Herron for Congress was the principal campaign committee of Roy Herron, the Democratic nominee in the 2010 race for the 8th District of Tennessee. On September 29, 2010, the committee filed a complaint with the FEC, alleging that the opposing campaign, Steven Fincher for Congress, had obtained a bank loan for $250,000, but had reported it as a loan from Rep. Fincher to his committee. The complaint further alleged that the loan had been obtained outside the ordinary course of business as it had been insufficiently collateralized.
After investigation, Commission staff found that the loan was improperly reported, but the Commission did not find reason to believe that the loan was insufficiently collateralized, nor did it find reason to believe that the Fincher Committee knowingly and willfully violated the Federal Election Campaign Act. The Commission voted to close the file. Herron for Congress challenged that decision by filing suit in the US District Court for the District of Columbia, alleging that the Commission’s dismissal of its administrative complaint was contrary to law.
The court found that Herron for Congress’s claim was moot, as the election during which it claimed to be wronged was in the past, its results irreversible, and that it was thus “impossible for this or any court to grant meaningful relief with respect to that election.” The court stated that it was up to Herron for Congress to demonstrate that its claim was not moot by showing that the controversy is “capable of repetition, yet evading review.” Because Mr. Herron is only “considering” a future run for office, and because his campaign committee could not therefore demonstrate that it will be subjected to the same allegedly unlawful action again, the court concluded that Herron for Congress’s case was moot.

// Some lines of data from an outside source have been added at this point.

(* Let $\Sigma_{\tau_d}=(\mathbb{R}^n,P,\mathcal P,F)$ be a switched system with $\mathcal P=\mathcal S_{\tau_d}(\mathbb{R}^+_0,P)$, let $\tau_s,\eta,\varepsilon>0$ with $\tau_d=N\tau_s$ for a positive integer $N$. Assume that for every $p\in P$ there is a $\delta$-GAS Lyapunov function $V_p$ for $\Sigma_p$, that there exists $\mu\ge1$ with $V_p(x,y)\le\mu V_{p'}(x,y)$ for all $x,y\in\mathbb{R}^n$ and $p,p'\in P$, and that for every $p$ there is a $\mathcal K_\infty$ function $\gamma_p$ with $|V_p(x,y)-V_p(x,z)|\le\gamma_p(\|y-z\|)$ for all $x,y,z\in\mathbb{R}^n$; let $\gamma=\max_p\gamma_p$. If $\tau_d>\frac{\log\mu}{\kappa}$ and $$\eta\le\min\Big\{\gamma^{-1}\Big(\frac{\frac1\mu-e^{-\kappa\tau_d}}{1-e^{-\kappa\tau_d}}(1-e^{-\kappa\tau_s})\underline\alpha(\varepsilon)\Big),\ \overline\alpha^{-1}\big(\underline\alpha(\varepsilon)\big)\Big\},$$ then $T_{\tau_s}(\Sigma_{\tau_d})\sim_\varepsilon T_{\tau_s,\eta}(\Sigma_{\tau_d})$.
   Context: A switched system is $\Sigma=(\mathbb{R}^n,P,\mathcal P,F)$ where $P=\{1,\dots,m\}$; $\mathcal S(\mathbb{R}^+_0,P)$ is the set of piecewise constant, right-continuous functions $\mathbb{R}^+_0\to P$ with finitely many discontinuities (switching times) on every bounded interval; $\mathcal S_{\tau_d}(\mathbb{R}^+_0,P)$ is the subset of signals whose switching times $t_1<t_2<\cdots$ satisfy $t_1\ge\tau_d$ and $t_i-t_{i-1}\ge\tau_d$ for $i\ge2$. $F=\{f_1,\dots,f_m\}$ with each $f_p$ locally Lipschitz and all solutions of $\dot x=f_p(x)$ defined for all $t\ge0$. Subsystem $\Sigma_p$: $\dot x=f_p(x)$; $\mathbf x(t,x,p)$ is its solution at time $t$ from $x$. A smooth $V_p:\mathbb{R}^n\times\mathbb{R}^n\to\mathbb{R}^+_0$ is a $\delta$-GAS Lyapunov function for $\Sigma_p$ if there exist $\mathcal K_\infty$ functions $\underline\alpha_p,\overline\alpha_p$ and $\kappa_p>0$ with $\underline\alpha_p(\|x-y\|)\le V_p(x,y)\le\overline\alpha_p(\|x-y\|)$ and $\frac{\partial V_p}{\partial x}(x,y)f_p(x)+\frac{\partial V_p}{\partial y}(x,y)f_p(y)\le-\kappa_p V_p(x,y)$ for all $x,y$ ($\mathcal K_\infty$: continuous, strictly increasing, unbounded, zero at zero). Set $\underline\alpha=\min_p\underline\alpha_p$, $\overline\alpha=\max_p\overline\alpha_p$, $\kappa=\min_p\kappa_p$. A transition system is $T=(Q,L,\to,O,H,I)$: states, labels, transition relation $\to\subseteq Q\times L\times Q$ (written $q\xrightarrow{l}q'$), outputs, output map $H:Q\to O$, initial states $I\subseteq Q$; metric if $O$ has a metric $d$. For metric $T_1,T_2$ with common $L,O$ and $\varepsilon\ge0$, $R\subseteq Q_1\times Q_2$ is an $\varepsilon$-approximate bisimulation relation if for all $(q_1,q_2)\in R$: $d(H_1(q_1),H_2(q_2))\le\varepsilon$; every $q_1\xrightarrow{l}_1q_1'$ is matched by some $q_2\xrightarrow{l}_2q_2'$ with $(q_1',q_2')\in R$; and symmetrically. $T_1\sim_\varepsilon T_2$ if such $R$ exists with every initial state of $T_1$ related to some initial state of $T_2$ and vice versa. $T_{\tau_s}(\Sigma_{\tau_d})$: states $\mathbb{R}^n\times P\times\{0,\dots,N-1\}$; labels $P$; $(x,p,i)\xrightarrow{l}(x',p',i')$ iff $l=p$, $x'=\mathbf x(\tau_s,x,p)$ and one of: (a) $i<N-1$, $p'=p$, $i'=i+1$; (b) $i=N-1$, $p'=p$, $i'=N-1$; (c) $i=N-1$, $p'\neq p$, $i'=0$. Outputs $\mathbb{R}^n$, $H((x,p,i))=x$, initial states $\mathbb{R}^n\times P\times\{0\}$. Lattice $[\mathbb{R}^n]_\eta=\{q\in\mathbb{R}^n: q_i=k_i\frac{2\eta}{\sqrt n},\ k_i\in\mathbb Z\}$. $T_{\tau_s,\eta}(\Sigma_{\tau_d})$: states $[\mathbb{R}^n]_\eta\times P\times\{0,\dots,N-1\}$; labels $P$; $(q,p,i)\xrightarrow{l}(q',p',i')$ iff $l=p$, $\|\mathbf x(\tau_s,q,p)-q'\|\le\eta$ and one of (a),(b),(c) above holds; outputs $\mathbb{R}^n$, $H((q,p,i))=q$; initial states $[\mathbb{R}^n]_\eta\times P\times\{0\}$. Both use the Euclidean metric on $\mathbb{R}^n$. *)

From mathcomp Require Import all_boot.
From Stdlib Require Import Reals ClassicalEpsilon.
Set Implicit Arguments. Unset Strict Implicit. Unset Printing Implicit Defensive.
Open Scope R_scope.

The court further found that Herron for Congress lacks standing, as its claim is based on nothing more than, “the generalized interest in having the FEC act in a lawful manner.” This did not give rise to standing. Under any approach to Herron for Congress’s case, the court concluded that it merely sought an opinion that “might prove helpful to a campaign [Mr. Herron] has not yet decided to launch,” and that the court thus lacks jurisdiction. The court denied Herron for Congress’s motion for declaratory and injunction relief and granted the FEC’s cross motion for summary judgment.